Researchers have mapped unique identifiers in the regions around human genes that are at risk for duplication or deletion, allowing precise sequencing of nearly 1,000 genes for the first time, according to a paper published today in Science.
Duplications and deletions of gene regions — called copy number variations (CNVs) — are known to contribute to autism and other neurological disorders. Large duplicated regions of the genome, called segmental duplications, can lead to CNVs by promoting DNA rearrangement within the gene region they flank.
Accurately counting the number of gene copies and sequencing segmental duplications has been a challenge using standard techniques. Sequencing relies on matching short snippets of DNA to reference points within the genome, which is difficult to do with highly repetitive regions. For this reason, these sequences are often ignored, even though they may represent some of the most informative regions of the genome.
Evan Eichler and his colleagues have partially solved this problem by identifying single DNA base changes unique to each highly repetitive region flanking 990 genes.
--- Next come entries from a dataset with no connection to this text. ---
(* For every $z\in\mathbb R$ there is a constant $C_z$ depending only on $z$ such that for all integers $q\ge1$ $$\left|\sum_{u=0}^{q}\sum_{k=0}^{u}\frac{\alpha_{k,u-k}}{k!(u-k)!}\frac{\beta_{q-u}(z)}{(q-u)!}\right|\le C_z\,2^{q}\frac{1}{\sqrt{(q-1)!}}.$$
   Context: $H_n$ are the probabilists' Hermite polynomials, $\phi$ the standard Gaussian density, $\beta_\ell(z):=\phi(z)H_\ell(z)$. For nonnegative integers $n,m$, $\alpha_{2n,2m}=\sqrt{\frac\pi2}\frac{(2n)!(2m)!}{n!m!}\frac{1}{2^{n+m}}\sum_{i=0}^{n+m}(-1)^{i+n+m}\binom{n+m}{i}\frac{(2i+1)!}{(i!)^2}\frac1{4^i}$, and $\alpha_{k,l}=0$ unless $k$ and $l$ are both even. *)

From Stdlib Require Import Reals Lra Lia Factorial.
Open Scope R_scope.

(* Probabilists' Hermite polynomials:
   He_0 = 1, He_1 = x, He_{n+2} = x He_{n+1} - (n+1) He_n. *)
Fixpoint hermite_pair (n : nat) (x : R) : R * R :=
  match n with
  | O => (1, x)
  | S m => let (a, b) := hermite_pair m x in (b, x * b - INR (S m) * a)
  end.

Definition hermiteH (n : nat) (x : R) : R := fst (hermite_pair n x).

Definition phi (z : R) : R := exp (- z ^ 2 / 2) / sqrt (2 * PI).

Definition beta (l : nat) (z : R) : R := phi z * hermiteH l z.

(* alpha_{2n,2m} *)
Definition alpha_even (n m : nat) : R :=
  sqrt (PI / 2) * (INR (fact (2 * n)) * INR (fact (2 * m))
                   / (INR (fact n) * INR (fact m))) / 2 ^ (n + m)
  * sum_f_R0 (fun i => (-1) ^ (i + n + m) * C (n + m) i
                        * INR (fact (2 * i + 1)) / (INR (fact i)) ^ 2 / 4 ^ i)
             (n + m).

Definition alpha (k l : nat) : R :=
  if andb (Nat.even k) (Nat.even l) then alpha_even (Nat.div2 k) (Nat.div2 l) else 0.

From Stdlib Require Import Reals Factorial Lra Lia.
Open Scope R_scope.

(* The proof bounds every one of the (q+1)(q+2)/2 terms separately.
   1. The alternating sum in alpha_{2n,2m} is the (n+m)-th forward difference of
      i |-> binom(i+1/2, i), which equals binom(1/2, n+m); hence it
      has modulus at most 1, and with (2n)! <= 4^n (n!)^2 this gives
      (alpha_{k,l}/(k! l!))^2 <= (pi/2)/(k! l!).
   2. From the three-term recurrence, He_n(z)^2 <= K_z (3/2)^n n!, because the
      normalized squares stop growing once n >= 12 z^2.
   3. Since binom(u,k) <= 2^u and sum_u binom(q,u) 2^u (3/2)^(q-u) = (7/2)^q,
      each term squared is at most E_z (7/2)^q / q!.
   4. Summing over the O(q^2) terms and using that (q+1)^4 (7/8)^q is bounded
      turns sqrt((7/2)^q/q!) (q+1)^2 into the claimed C_z 2^q / sqrt((q-1)!). *)

Lemma Rdiv_le_iff (a b c : R) : 0 < c -> (a / c <= b <-> a <= b * c).
Proof.
  intros Hc. assert (Hcancel : a / c * c = a) by (field; lra). split; intros H.
  - apply (Rmult_le_compat_r c) in H; lra.
  - apply (Rmult_le_reg_r c); lra.
Qed.

Lemma sum_term_le (f : nat -> R) (N k : nat) :
  (forall i, 0 <= f i) -> (k <= N)%nat -> f k <= sum_f_R0 f N.
Proof.
  intros Hf Hk. induction N as [|N IH].
  - replace k with 0%nat by lia. simpl. lra.
  - rewrite tech5. destruct (Nat.eq_dec k (S N)) as [->|Hne].
    + assert (0 <= sum_f_R0 f N) by (apply cond_pos_sum; auto). lra.
    + assert (f k <= sum_f_R0 f N) by (apply IH; lia). specialize (Hf (S N)). lra.
Qed.

Lemma eventually_nonincreasing_bounded (f : nat -> R) (n0 : nat) :
  (forall n, (n0 <= n)%nat -> f (S n) <= f n) -> exists M, forall n, f n <= M.
Proof.
  intros Hdec. exists (sum_f_R0 (fun i => Rabs (f i)) n0). intros n.
  assert (Hinit : forall k, (k <= n0)%nat -> f k <= sum_f_R0 (fun i => Rabs (f i)) n0).
  { intros k Hk. apply Rle_trans with (Rabs (f k)); [apply Rle_abs|].
    apply (sum_term_le (fun i => Rabs (f i))); auto using Rabs_pos. }
  destruct (Nat.le_gt_cases n n0) as [Hn|Hn]; [now apply Hinit|].
  assert (Htail : forall d, f (n0 + d)%nat <= f n0).
  { induction d as [|d IH]; [rewrite Nat.add_0_r; lra|].
    rewrite Nat.add_succ_r.
    apply Rle_trans with (f (n0 + d)%nat); [apply Hdec; lia | exact IH]. }
  replace n with (n0 + (n - n0))%nat by lia.
  eapply Rle_trans; [apply Htail | apply Hinit; lia].
Qed.

Lemma C_nonneg (n i : nat) : 0 <= C n i.
Proof.
  unfold C. apply Rle_mult_inv_pos; [apply pos_INR|].
  apply Rmult_lt_0_compat; apply INR_fact_lt_0.
Qed.

Lemma C_n_0 (n : nat) : C n 0 = 1.
Proof. unfold C. rewrite Nat.sub_0_r. simpl. field. apply INR_fact_neq_0. Qed.

Lemma C_n_n (n : nat) : C n n = 1.
Proof. unfold C. rewrite Nat.sub_diag. simpl. field. apply INR_fact_neq_0. Qed.

Definition fdiff (N : nat) (g : nat -> R) : R :=
  sum_f_R0 (fun i => (-1) ^ (i + N) * C N i * g i) N.

Lemma pow_m1_succ (n : nat) : (-1) ^ S n = - (-1) ^ n.
Proof. simpl; ring. Qed.

Lemma pow_m1_double (n : nat) : (-1) ^ (n + n) = 1.
Proof. replace (n + n)%nat with (2 * n)%nat by lia. apply pow_1_even. Qed.

Lemma fdiff_ext (N : nat) (g h : nat -> R) : (forall i, g i = h i) -> fdiff N g = fdiff N h.
Proof. intros H. unfold fdiff. apply sum_eq. intros i _. now rewrite H. Qed.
The researchers were able to accurately map CNVs as small as 1.9 kilobases, allowing for precise sequencing of these genes.
The researchers identified the unique nucleotides in 159 human genomes, part of the 1000 Genomes Project. Initial results from the project, which aims to sequence the DNA of people from different ethnic populations, were published yesterday in Nature.
Eichler’s team reports significant variation among different human populations when they use an algorithm to predict the number of duplicated genes in large CNVs. For example, about 25 percent of Asians, but almost no Europeans or Africans, have 6 copies of the NSF gene, which is expressed in the brain.
The researchers also identified the genes with the most CNVs, and some that show no variation in primates. Several of the human-specific variable genes — such as CHRNA7, which is duplicated in some people with schizophrenia and epilepsy — have neurological roles.
The researchers also found 173 duplications that are not identified in the reference human genome. This information can help create an optimized human genome and aid future sequencing projects.